* [Your task] Copy exactly the lines of the records below, and only those lines, beginning with the line that contains "sltS => /IH/ole_succ." and ending with the line that contains "by rewrite sltS sleS; apply: IH.".

Start of Block

(* Let $\mathcal C$ be a Suslin scheme in a topological space $Y$ consisting of closed subsets of $Y$, and let $T$ be a nonempty well-founded tree with leaf rank $r_l(T)=\lambda+n$ ($\lambda$ limit or $0$, $n\in\omega$). Then (i) $\mathbf R_T(\mathcal C)\in\mathcal F_{\lambda+2n}(Y)$; (ii) if $T\ne\{\emptyset\}$ and $\mathrm{ims}_T(\emptyset)$ is finite, then $n\ge1$ and $\mathbf R_T(\mathcal C)\in\mathcal F_{\lambda+2n-1}(Y)$.
   Context: $\mathcal F$-Borel hierarchy: $\mathcal F_0(Y)$ closed sets; for $0<\alpha<\omega_1$, $\mathcal F_\alpha(Y)$ = countable unions (odd $\alpha$) or countable intersections (even $\alpha$) of members of $\bigcup_{\beta<\alpha}\mathcal F_\beta(Y)$, with $\lambda+m$ ($\lambda$ limit or 0) having the parity of $m$. A tree is a subset of $\omega^{<\omega}$ closed under initial segments, well-founded if it has no infinite branch; $\mathrm{ims}_T(t)=\{t^\frown n\in T\}$, $T^t=\{t':t^\frown t'\in T\}$; leaf rank $r_l(T^t)=\sup\{r_l(T^s)+1:s\in\mathrm{ims}_T(t)\}$ ($\sup\emptyset=0$), $r_l(T)=r_l(T^\emptyset)$. A Suslin scheme is a family $(C(s))_{s\in\omega^{<\omega}}$ with $C(t)\subset C(s)$ whenever $t$ extends $s$. A map $\varphi:T\to\omega^{<\omega}$ is admissible if it is monotone w.r.t. extension and $|\varphi(t)|=t(0)+\dots+t(k)$ for $t=(t(0),\dots,t(k))$. $\mathbf R_T(\mathcal C)=\{x\in C(\emptyset):\exists$ admissible $\varphi:T\to\omega^{<\omega}$ with $x\in C(\varphi(t))$ for all $t\in T\}$. *)

From mathcomp Require Import all_boot.
Set Implicit Arguments. Unset Strict Implicit. Unset Printing Implicit Defensive.

Record topology (Y : Type) := Topology {
  open : (Y -> Prop) -> Prop;
  open_full : open (fun _ => True);
  open_union : forall (I : Type) (U : I -> Y -> Prop),
      (forall i, open (U i)) -> open (fun y => exists i, U i y);
  open_inter : forall U V, open U -> open V -> open (fun y => U y /\ V y);
  open_ext : forall U V, (forall y, U y <-> V y) -> open U -> open V
}.

Definition is_closed (Y : Type) (tau : topology Y) (A : Y -> Prop) : Prop :=
  open tau (fun y => ~ A y).

Inductive ord : Type :=
| OZ : ord
| OS : ord -> ord
| OL : (nat -> ord) -> ord.

(* the standard order on Brouwer trees (Kraus--Nordvall Forsberg--Xu) *)
Inductive ole : ord -> ord -> Prop :=
| ole_zero b : ole OZ b
| ole_trans a b c : ole a b -> ole b c -> ole a c
| ole_succ a b : ole a b -> ole (OS a) (OS b)
| ole_cocone a f k : ole a (f k) -> ole a (OL f)
| ole_limiting f b : (forall k, ole (f k) b) -> ole (OL f) b.

Definition olt (a b : ord) : Prop := ole (OS a) b.
Definition oeq (a b : ord) : Prop := ole a b /\ ole b a.

Definition oadd (l : ord) (m : nat) : ord := iter m OS l.

Definition limit_or_zero (l : ord) : Prop :=
  forall b, olt b l -> olt (OS b) l.

Definition odd_ord (a : ord) : Prop :=
  exists l m, limit_or_zero l /\ oeq a (oadd l m) /\ odd m.

Inductive Fclass (Y : Type) (tau : topology Y) : ord -> (Y -> Prop) -> Prop :=
| F_zero a A : ole a OZ -> is_closed tau A -> Fclass tau a A
| F_union a A (b : nat -> ord) (B : nat -> Y -> Prop) :
    olt OZ a -> odd_ord a ->
    (forall k, olt (b k) a) -> (forall k, Fclass tau (b k) (B k)) ->
    (forall y, A y <-> exists k, B k y) -> Fclass tau a A
| F_inter a A (b : nat -> ord) (B : nat -> Y -> Prop) :
    olt OZ a -> ~ odd_ord a ->
    (forall k, olt (b k) a) -> (forall k, Fclass tau (b k) (B k)) ->
    (forall y, A y <-> forall k, B k y) -> Fclass tau a A.

Definition is_tree (T : pred (seq nat)) : Prop :=
  forall s t, T (s ++ t) -> T s.

Definition well_founded_tree (T : pred (seq nat)) : Prop :=
  ~ exists f : nat -> nat, forall k, T (mkseq f k).

(* leaf_rank T t a : a is the leaf rank r_l(T^t), computed recursively:
   sup { r_l(T^(t^k)) + 1 : t^k in T }  (sup of empty = 0) *)
Inductive leaf_rank (T : pred (seq nat)) : seq nat -> ord -> Prop :=
| lr_node t (r : nat -> ord) :
    (forall k, T (rcons t k) -> leaf_rank T (rcons t k) (r k)) ->
    leaf_rank T t (OL (fun k => if T (rcons t k) then OS (r k) else OZ)).

Definition suslin_scheme (Y : Type) (C : seq nat -> Y -> Prop) : Prop :=
  forall s t y, C (s ++ t) y -> C s y.

Definition admissible (T : pred (seq nat)) (phi : seq nat -> seq nat) : Prop :=
  (forall s t, T s -> T t -> prefix s t -> prefix (phi s) (phi t)) /\
  (forall t, T t -> size (phi t) = sumn t).

Definition R_T (Y : Type) (T : pred (seq nat)) (C : seq nat -> Y -> Prop)
  (y : Y) : Prop :=
  C [::] y /\ exists phi, admissible T phi /\ forall t, T t -> C (phi t) y.

From mathcomp Require Import all_boot.
From Stdlib Require Import Classical IndefiniteDescription.
From mathcomp Require Import zify.
Set Implicit Arguments. Unset Strict Implicit. Unset Printing Implicit Defensive.

(* R_T(C) unfolds along the tree: x is in R_{T^t}(C) iff x is in C([]) and, for every
   immediate successor t^k, x is in R_{T^(t^k)}(C_s) for some s of length k, where
   C_s(u) = C(s^u).  So R_{T^t}(C) is a closed set intersected with countable unions,
   one per child, of sets handled by induction on the leaf rank: a child of rank
   l' + n' < l + n yields a union at level l' + 2n' + 1 < l + 2n, and the intersection
   stays at the even level l + 2n.  When the root has finitely many children its rank is
   a maximum, hence a successor l + (n + 1), and the finite intersection of unions can be
   rewritten as one countable union, over the finite lists of the s's, of
   intersections at level l + 2n, which lands in level l + 2n + 1. *)

(* A structurally recursive presentation of [ole] (Kraus--Nordvall Forsberg--Xu):
   unlike the inductive [ole], whose transitivity constructor blocks inversion,
   it computes on both arguments, so transitivity, irreflexivity and totality
   are proved on it and transported along [ole_sleP]. *)
Fixpoint sle (a b : ord) {struct a} : Prop :=
  match a with
  | OZ => True
  | OS a' => (fix slt_a' (b : ord) : Prop :=
               match b with
               | OZ => False
               | OS b' => sle a' b'
               | OL g => exists k, slt_a' (g k)
               end) b
  | OL f => forall k, sle (f k) b
  end.

Definition slt (a b : ord) : Prop := sle (OS a) b.

Lemma sltS a b : slt a (OS b) = sle a b. Proof. by []. Qed.
Lemma sltL a g : slt a (OL g) = exists k, slt a (g k). Proof. by []. Qed.
Lemma sleS a b : sle (OS a) b = slt a b. Proof. by []. Qed.
Lemma sleL f b : sle (OL f) b = forall k, sle (f k) b. Proof. by []. Qed.

Lemma sle_cocone a g k : sle a (g k) -> sle a (OL g).
Proof.
elim: a => [//|a _|f IH] H; first by rewrite sleS sltL; exists k.
by move=> j; apply: IH.
Qed.

Lemma sle_refl a : sle a a.
Proof.
elim: a => [//|a IH|f IH]; first by rewrite sleS sltS.
by move=> k; apply: (@sle_cocone _ _ k).
Qed.

Lemma sle_trans_mixed a :
  (forall b c, sle a b -> sle b c -> sle a c) /\
  (forall b c, sle a b -> slt b c -> slt a c) /\
  (forall b c, slt a b -> sle b c -> slt a c).
Proof.
suff lt_trans x : (forall b c, sle x b -> sle b c -> sle x c) ->
    (forall b c, sle x b -> slt b c -> slt x c) /\
    (forall b c, slt x b -> sle b c -> slt x c).
  elim: a => [|a [_ [_ IH]]|f IH]; apply: (fun H => conj H (lt_trans _ H)) => //.
  move=> b c; rewrite !sleL => Hb Hc k; exact: (proj1 (IH k) _ _ (Hb k) Hc).
move=> le_trans.
have le_lt b c : sle x b -> slt b c -> slt x c.
  elim: c => [//|c _|h IH] Hb; first by rewrite !sltS; exact: le_trans.
  by rewrite !sltL => [[k Hk]]; exists k; apply: IH.
split=> // b; elim: b => [//|b _|g IH] c; first by rewrite sltS sleS; exact: le_lt.
by rewrite sltL sleL => [[k Hk]] Hc; exact: IH Hk (Hc k).
Qed.

Lemma sle_trans a b c : sle a b -> sle b c -> sle a c.
Proof. exact: (proj1 (sle_trans_mixed a)). Qed.

Lemma ole_sleP a b : ole a b <-> sle a b.
Proof.
split.
- elim=> {a b} [//|a b c _ H1 _ H2|a b _ H|a f k _ H|f b _ H] //.
  + exact: sle_trans H1 H2.
  + exact: sle_cocone H.
- elim: a b => [|a IH|f IH] b; first by constructor.
  + rewrite sleS; elim: b => [//|b _|g IHg]; first by rewrite sltS => /IH/ole_succ.
    by rewrite sltL => [[k /IHg]]; apply: ole_cocone.
  + by rewrite sleL => H; apply: ole_limiting => k; apply: IH.
Qed.

Lemma slt_irrefl a : ~ slt a a.
Proof.
elim: a => [//|a IH|f IH]; first by rewrite sltS sleS.
rewrite sltL => [[k Hk]]; apply: (IH k).
exact: (proj1 (proj2 (sle_trans_mixed (f k)))) _ _ (@sle_cocone _ f k (sle_refl _)) Hk.
Qed.

Lemma sle_total a b : sle a b \/ slt b a.
Proof.
elim: a b => [|a IH|f IH] b; first by left.
- rewrite sleS sltS; elim: b => [|b _|g IHg]; first by right.
    by rewrite sltS sleS; apply: IH.
  rewrite sltL sleL; case: (classic (exists k, slt a (g k))) => [|Hn]; first by left.
  right=> k; case: (IHg k) => // Hk; case: Hn; by exists k.
- rewrite sleL sltL; case: (classic (forall k, sle (f k) b)) => [|/not_all_ex_not [k Hk]].
    by left.
  by right; exists k; case: (IH k b).
Qed.

Lemma ole_refl a : ole a a.
Proof. exact/ole_sleP/sle_refl. Qed.

Lemma olt_irrefl a : ~ olt a a.
Proof. by move/ole_sleP/slt_irrefl. Qed.

Lemma ole_total a b : ole a b \/ olt b a.
Proof. by case: (sle_total a b) => /ole_sleP; [left | right]. Qed.

Lemma ole_S_inv a b : ole (OS a) (OS b) -> ole a b.
Proof. by move/ole_sleP => H; apply/ole_sleP. Qed.

Lemma olt_OZ a : ~ olt a OZ.
Proof. by move/ole_sleP. Qed.

Lemma olt_OL_inv b f : olt b (OL f) -> exists k, olt b (f k).
Proof. by move/ole_sleP=> [k Hk]; exists k; apply/ole_sleP. Qed.

Lemma ole_S a : ole a (OS a).
Proof.
elim: a => [|a IH|f IH]; [exact: ole_zero | exact: ole_succ |].
apply: ole_limiting => k; apply: ole_trans (IH k) (ole_succ _).
exact: ole_cocone (ole_refl _).
Qed.

Lemma olt_ole a b : olt a b -> ole a b.
Proof. exact: ole_trans (ole_S a). Qed.

Lemma ole_eq_or_lt a b : ole a b -> oeq a b \/ olt a b.
Proof. by move=> Hab; case: (ole_total b a) => H; [left | right]. Qed.

Lemma oeq_refl a : oeq a a.
Proof. by split; apply: ole_refl. Qed.

Lemma oeq_trans a b c : oeq a b -> oeq b c -> oeq a c.
Proof. by move=> [Hab Hba] [Hbc Hcb]; split; apply: ole_trans; eassumption. Qed.

Lemma oaddS l m : oadd l m.+1 = OS (oadd l m).
Proof. by []. Qed.

Lemma oaddD l m p : oadd l (m + p) = oadd (oadd l p) m.
Proof. by rewrite /oadd iterD. Qed.

Lemma ole_oadd x m : ole x (oadd x m).
Proof. by elim: m => [|m IH]; [apply: ole_refl | apply: ole_trans IH (ole_S _)]. Qed.

Lemma limit_oadd l x m : limit_or_zero l -> olt x l -> olt (oadd x m) l.
Proof. by move=> Hl Hx; elim: m => [|m IH] //; apply: Hl. Qed.

Lemma limit_neq_S l x : limit_or_zero l -> ~ oeq l (OS x).
Proof.
move=> Hl [Hlx Hxl]; apply: (@olt_irrefl x); apply: ole_S_inv.
exact: ole_trans (Hl x Hxl) Hlx.
Qed.

Lemma oadd_inj l l' i j : limit_or_zero l -> limit_or_zero l' ->
  oeq (oadd l i) (oadd l' j) -> i = j.
Proof.
move=> Hl Hl'; elim: i j => [|i IH] [|j] // H.
- by case: (limit_neq_S Hl H).
- by case: (limit_neq_S Hl' (conj (proj2 H) (proj1 H))).
- by congr S; apply: IH; case: H => /ole_S_inv H1 /ole_S_inv H2.
Qed.

Lemma odd_ord_oeq a b : oeq a b -> odd_ord a -> odd_ord b.
Proof.
move=> [Hab Hba] [l [m [Hl [Hm Ho]]]]; exists l, m; split=> //; split=> //.
exact: oeq_trans (conj Hba Hab) Hm.
Qed.

Lemma oadd_double_not_odd l n : limit_or_zero l -> ~ odd_ord (oadd l (2 * n)).
Proof.
move=> Hl [l' [m [Hl' [Hm Ho]]]].
by move: Ho; rewrite -(oadd_inj Hl Hl' Hm) mul2n odd_double.
Qed.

End of Block

* [Solved exercise]
  + rewrite sleS; elim: b => [//|b _|g IHg]; first by rewrite sltS => /IH/ole_succ.
    by rewrite sltL => [[k /IHg]]; apply: ole_cocone.
  + by rewrite sleL => H; apply: ole_limiting => k; apply: IH.
Qed.

Lemma slt_irrefl a : ~ slt a a.
Proof.
elim: a => [//|a IH|f IH]; first by rewrite sltS sleS.
rewrite sltL => [[k Hk]]; apply: (IH k).
exact: (proj1 (proj2 (sle_trans_mixed (f k)))) _ _ (@sle_cocone _ f k (sle_refl _)) Hk.
Qed.

Lemma sle_total a b : sle a b \/ slt b a.
Proof.
elim: a b => [|a IH|f IH] b; first by left.
- rewrite sleS sltS; elim: b => [|b _|g IHg]; first by right.
    by rewrite sltS sleS; apply: IH.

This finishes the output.